With the Walker-type multianvil apparatus, it is now possible to perform experiments with pressures up to 25 GPa, considerably extending the experimental area and gaining new insights into the structural and synthetic possibilities of oxoborate chemistry. In the following, some examples from our research are presented, which can be devided into three sections: (1) the syntheses of new polymorphs of already existing ambient-pressure phases; (2) the syntheses of compounds with new compositions not attainable under ambient-pressure conditions; (3) the access to crystalline phases of borates, forming glasses under ambient-pressure conditions.

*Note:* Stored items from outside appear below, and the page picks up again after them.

Definition supnorm_lt {X : Type} (f : X -> C) (eps : R) : Prop :=
  exists M : R, M < eps /\ forall x, Cmod (f x) <= M.

Definition fmul {X : Type} (f g : X -> C) : X -> C := fun x => Cmul (f x) (g x).
Definition fsub {X : Type} (f g : X -> C) : X -> C := fun x => Csub (f x) (g x).
Definition fstar {X : Type} (f : X -> C) : X -> C := fun x => Cconj (f x).

Definition sigma {G X : Type} (inv : G -> G) (alpha : G -> X -> X) (g : G) (f : X -> C)
  : X -> C := fun x => f (alpha (inv g) x).

Definition G_separating {G X : Type} (opn : (X -> Prop) -> Prop) (inv : G -> G)
  (alpha : G -> X -> X) : Prop :=
  forall (a b c : X -> C) (eps : R),
    in_C0_pos opn a -> in_C0_pos opn b -> in_C0 opn c -> 0 < eps ->
    exists (s t : X -> C) (g h : G),
      in_C0 opn s /\ in_C0 opn t /\
      supnorm_lt (fsub (fmul (fmul (fstar s) a) s) (sigma inv alpha g a)) eps /\
      supnorm_lt (fsub (fmul (fmul (fstar t) b) t) (sigma inv alpha h b)) eps /\
      supnorm_lt (fmul (fmul (fstar s) c) t) eps.

From Pilot Require Import Defs.
From Stdlib Require Import Reals List Lra Classical.
Open Scope R_scope.

(* Let a, b >= 0 and c lie in C_0(X), eps > 0, and put d = eps/2.
   Choose compact sets K_a, K_b off which a, b are < d, and nonempty open sets
   O_a, O_b on which a > d, respectively b > d (any nonempty open set will do if
   the function never exceeds d).  Contracting two distinct points into an open
   set shows that nonempty open sets are not singletons, so by Hausdorffness O_a
   and O_b contain disjoint nonempty open sets P_a, P_b.  Pick g with
   alpha_g(K_a) inside P_a and let
        s = sqrt (max(0, sigma_g a - d) / max(d, a)).
   Wherever sigma_g a > d we are in alpha_g(K_a), hence in P_a where a > d, so
   s^* a s = max(0, sigma_g a - d) is within d of sigma_g a and s is supported in
   P_a.  Building t from b, h and P_b alike, s^* c t = 0 by disjointness. *)

Definition creal (u : R) : Defs.C := (u, 0).

Lemma Cmod_creal u : Cmod (creal u) = Rabs u.
Proof.
  unfold Cmod, creal, Cre, Cim; simpl.
  rewrite Rmult_0_l, Rplus_0_r; apply sqrt_Rsqr_abs.
Qed.

Lemma Cmod_Re_le z : Rabs (Cre z) <= Cmod z.
Proof.
  unfold Cmod; rewrite <- sqrt_Rsqr_abs; apply sqrt_le_1_alt.
  pose proof (Rle_0_sqr (Cim z)); unfold Rsqr in *; lra.
Qed.

Lemma Csub_creal u v : Csub (creal u) (creal v) = creal (u - v).
Proof. unfold Csub, creal, Cre, Cim; simpl; f_equal; ring. Qed.

Lemma Cmul_creal u v : Cmul (creal u) (creal v) = creal (u * v).
Proof. unfold Cmul, creal, Cre, Cim; simpl; f_equal; ring. Qed.

Lemma Cconj_creal u : Cconj (creal u) = creal u.
Proof. unfold Cconj, creal, Cre, Cim; simpl; f_equal; ring. Qed.

Lemma Cmod_sandwich_zero (u z w : Defs.C) :
  u = creal 0 \/ w = creal 0 -> Cmod (Cmul (Cmul (Cconj u) z) w) = 0.
Proof.
  assert (Hz : (0, 0) = creal 0) by reflexivity.
  intros [-> | ->]; unfold Cmul, Cconj, Cre, Cim, creal; simpl;
    match goal with |- Cmod (?p, ?q) = 0 =>
      replace p with 0 by ring; replace q with 0 by ring end;
    rewrite Hz, Cmod_creal, Rabs_R0; reflexivity.
Qed.

Section RealContinuity.

Context {X : Type} (opn : (X -> Prop) -> Prop).
Hypothesis Htop : is_topology opn.

Definition rcont (f : X -> R) : Prop :=
  forall x eps, 0 < eps ->
    exists U, opn U /\ U x /\ forall y, U y -> Rabs (f y - f x) < eps.

Lemma rcont_ext (f g : X -> R) : (forall y, f y = g y) -> rcont f -> rcont g.
Proof.
  intros E H x eps He; destruct (H x eps He) as [U [HU [Ux HUy]]].
  exists U; repeat split; auto; intros y Uy; rewrite <- !E; auto.
Qed.

Lemma continuity_pt_eps (phi : R -> R) u :
  continuity_pt phi u -> forall eps, 0 < eps ->
  exists delta, 0 < delta /\
    forall v, Rabs (v - u) < delta -> Rabs (phi v - phi u) < eps.
Proof.
  intros H eps He; destruct (H eps He) as [delta [Hd Hv]].
  exists delta; split; auto; intros v Hvd.
  destruct (Req_dec v u) as [-> | Hne].
  - unfold Rminus; rewrite Rplus_opp_r, Rabs_R0; auto.
  - apply (Hv v); repeat split; auto.
Qed.

Lemma rcont_comp (f : X -> R) (phi : R -> R) :
  (forall x, continuity_pt phi (f x)) -> rcont f -> rcont (fun y => phi (f y)).
Proof.
  intros Hc H x eps He.
  destruct (continuity_pt_eps _ _ (Hc x) eps He) as [delta [Hd Hv]].
  destruct (H x delta Hd) as [U [HU [Ux HUy]]].
  exists U; repeat split; auto.
Qed.

Lemma rcont_lipschitz (f : X -> R) (phi : R -> R) :
  (forall u v, Rabs (phi u - phi v) <= Rabs (u - v)) ->
  rcont f -> rcont (fun y => phi (f y)).
Proof.
  intros Hc H x eps He; destruct (H x eps He) as [U [HU [Ux HUy]]].
  exists U; repeat split; auto; intros y Uy.
  eapply Rle_lt_trans; [apply Hc | auto].
Qed.

Lemma rcont_precomp (f : X -> R) (h : X -> X) :
  continuous opn opn h -> rcont f -> rcont (fun x => f (h x)).
Proof.
  intros Hh H x eps He; destruct (H (h x) eps He) as [U [HU [Ux HUy]]].
  exists (fun y => U (h y)); repeat split; auto.
Qed.

Lemma rcont_plus (f g : X -> R) :
  rcont f -> rcont g -> rcont (fun y => f y + g y).
Proof.
  destruct Htop as [_ [_ Hinter]]; intros Hf Hg x eps He.
  destruct (Hf x (eps / 2)) as [U [HU [Ux HUy]]]; [lra |].
  destruct (Hg x (eps / 2)) as [V [HV [Vx HVy]]]; [lra |].
  exists (fun z => U z /\ V z); repeat split; auto.
  intros y [Uy Vy]; specialize (HUy y Uy); specialize (HVy y Vy).
  replace (f y + g y - (f x + g x)) with ((f y - f x) + (g y - g x)) by ring.
  eapply Rle_lt_trans; [apply Rabs_triang | lra].
Qed.

(* Products, by polarization: fg = ((f + g)^2 - (f - g)^2) / 4. *)
Lemma rcont_mult (f g : X -> R) :
  rcont f -> rcont g -> rcont (fun y => f y * g y).
Proof.
  intros Hf Hg.
  assert (Hsum : rcont (fun y => (f y + g y) * (f y + g y) / 4)).
  { apply (rcont_comp (fun y => f y + g y) (fun u => u * u / 4)).
    - intros; reg.
    - apply rcont_plus; auto. }
  assert (Hdiff : rcont (fun y => - ((f y + - g y) * (f y + - g y) / 4))).
  { apply (rcont_comp (fun y => f y + - g y) (fun u => - (u * u / 4))).
    - intros; reg.
    - apply rcont_plus; auto.
      apply (rcont_comp g (fun u => - u)); auto; intros; reg. }
  refine (rcont_ext _ _ _ (rcont_plus _ _ Hsum Hdiff)).
  intros y; field.
Qed.

Lemma rcont_Re (a : X -> Defs.C) :
  continuous_C opn a -> rcont (fun x => Cre (a x)).
Proof.
  intros H x eps He; destruct (H x eps He) as [U [HU [Ux HUy]]].
  exists U; repeat split; auto; intros y Uy.
  eapply Rle_lt_trans; [| apply (HUy y Uy)].
  apply (Cmod_Re_le (Csub (a y) (a x))).
Qed.

Lemma continuous_C_creal (f : X -> R) :
  rcont f -> continuous_C opn (fun x => creal (f x)).
Proof.
  intros H x eps He; destruct (H x eps He) as [U [HU [Ux HUy]]].
  exists U; repeat split; auto; intros y Uy.
  rewrite Csub_creal, Cmod_creal; auto.
Qed.

Lemma superlevel_open (f : X -> R) (d : R) :
  rcont f -> (exists x : X, True) ->
  exists O, opn O /\ (exists x, O x) /\
    forall x, O x -> d < f x \/ forall y, f y <= d.
Proof.
  intros Hf [x0 _].
  destruct (classic (exists x, d < f x)) as [[x Hx] | Hnone].
  - destruct (Hf x (f x - d)) as [U [HU [Ux HUy]]]; [lra |].
    exists U; split; [| split; [exists x; auto |]]; auto.
    intros y Uy; left; specialize (HUy y Uy); apply Rabs_def2 in HUy; lra.
  - exists (fun _ => True); split; [apply Htop | split; [exists x0; auto |]].
    intros z _; right; intros y; apply Rnot_lt_le; intro; apply Hnone; eauto.
Qed.

End RealContinuity.

Section CutOff.

Context {X : Type} (opn : (X -> Prop) -> Prop).
Hypothesis Htop : is_topology opn.

(* The real function sqrt (max(0, B - d) / max(d, A)); when A > d wherever
   B > d, its square times A is the truncation max(0, B - d) of B. *)
Definition cutoff (A B : X -> R) (d : R) (x : X) : R :=
  sqrt (Rmax 0 (B x - d) / Rmax d (A x)).

Variables (A B : X -> R) (d : R).
Hypothesis Hd : 0 < d.

Lemma cutoff_small x : B x <= d -> cutoff A B d x = 0.
Proof.
  intros H; unfold cutoff; rewrite Rmax_left by lra.
  unfold Rdiv; rewrite Rmult_0_l; apply sqrt_0.
Qed.

Lemma cutoff_large x :
  d < B x -> d < A x -> cutoff A B d x * A x * cutoff A B d x = B x - d.
Proof.
  intros HB HA; unfold cutoff.
  rewrite Rmax_right, Rmax_right by lra.
  rewrite Rmult_comm, <- Rmult_assoc, sqrt_sqrt; [field; lra |].
  left; apply Rdiv_lt_0_compat; lra.
Qed.

Lemma cutoff_approx x :
  0 <= B x -> (d < B x -> d < A x) ->
  Rabs (cutoff A B d x * A x * cutoff A B d x - B x) <= d.
Proof.
  intros HB0 HBA; destruct (Rle_dec (B x) d) as [Hle | Hgt].
  - rewrite cutoff_small by auto.
    rewrite Rabs_left1; lra.
  - rewrite cutoff_large by (auto; lra).
    rewrite Rabs_left1; lra.
Qed.

Lemma Rmax_lipschitz c u v : Rabs (Rmax c u - Rmax c v) <= Rabs (u - v).
Proof.
  unfold Rmax; destruct (Rle_dec c u), (Rle_dec c v);
    unfold Rabs; repeat destruct Rcase_abs; lra.
Qed.

Lemma rcont_cutoff : rcont opn A -> rcont opn B -> rcont opn (cutoff A B d).
Proof.
  intros HA HB.
  assert (Hden_pos : forall x, 0 < Rmax d (A x))
    by (intros x; pose proof (Rmax_l d (A x)); lra).
  assert (Hnum : rcont opn (fun x => Rmax 0 (B x - d))).
  { apply (rcont_lipschitz opn (fun x => B x - d) (Rmax 0)); [apply Rmax_lipschitz |].
    apply (rcont_comp opn B (fun u => u - d)); auto; intros; reg. }
  assert (Hinv_den : rcont opn (fun x => / Rmax d (A x))).
  { apply (rcont_comp opn (fun x => Rmax d (A x)) (fun u => / u)).
    - intros x; reg; pose proof (Hden_pos x); lra.
    - apply (rcont_lipschitz opn A (Rmax d)); auto; apply Rmax_lipschitz. }
  apply (rcont_comp opn _ sqrt).
  - intros x; apply continuity_pt_sqrt.
    apply Rmult_le_pos; [apply Rmax_l |].
    left; apply Rinv_0_lt_compat, Hden_pos.
  - apply (rcont_mult opn Htop _ _ Hnum Hinv_den).
Qed.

Syntheses of new polymorphs

During our high-pressure/high-temperature syntheses of new polymorphs, we discovered several new high-pressure polymorphs of known ambient-pressure oxoborates, e.g., β-MB4O7 (M = Ca, Zn, Hg),22–24χ-REBO3 (RE = Dy,Er),25 and ν-DyBO3.26 A special attention was given to the rare-earth oxoborates, which already show polymorphism at normal pressure conditions. A closer look at the meta-oxoborates RE(BO2)3 revealed the well-characterized monoclinic phases α-RE(BO2)3 (RE = La–Nd, Sm–Tb)27–29 and the orthorhombic phases β-RE(BO2)3 (RE = Tb), the latter solved by Nikelski and Schleid in 2003 for the first time.30Fig. 2 (top) shows the crystal structure of the α-type modification. These compounds are characterized by chains of tetrahedral BO4 and triangular BO3 units, running along the c axis and built up on the regular succession of BO4 tetrahedra, which share four corners with monodentate BO3 triangles.
Crystal structures of the four structure types of the rare-earth oxoborates RE(BO2)3.
Fig. 2 Crystal structures of the four structure types of the rare-earth oxoborates RE(BO2)3.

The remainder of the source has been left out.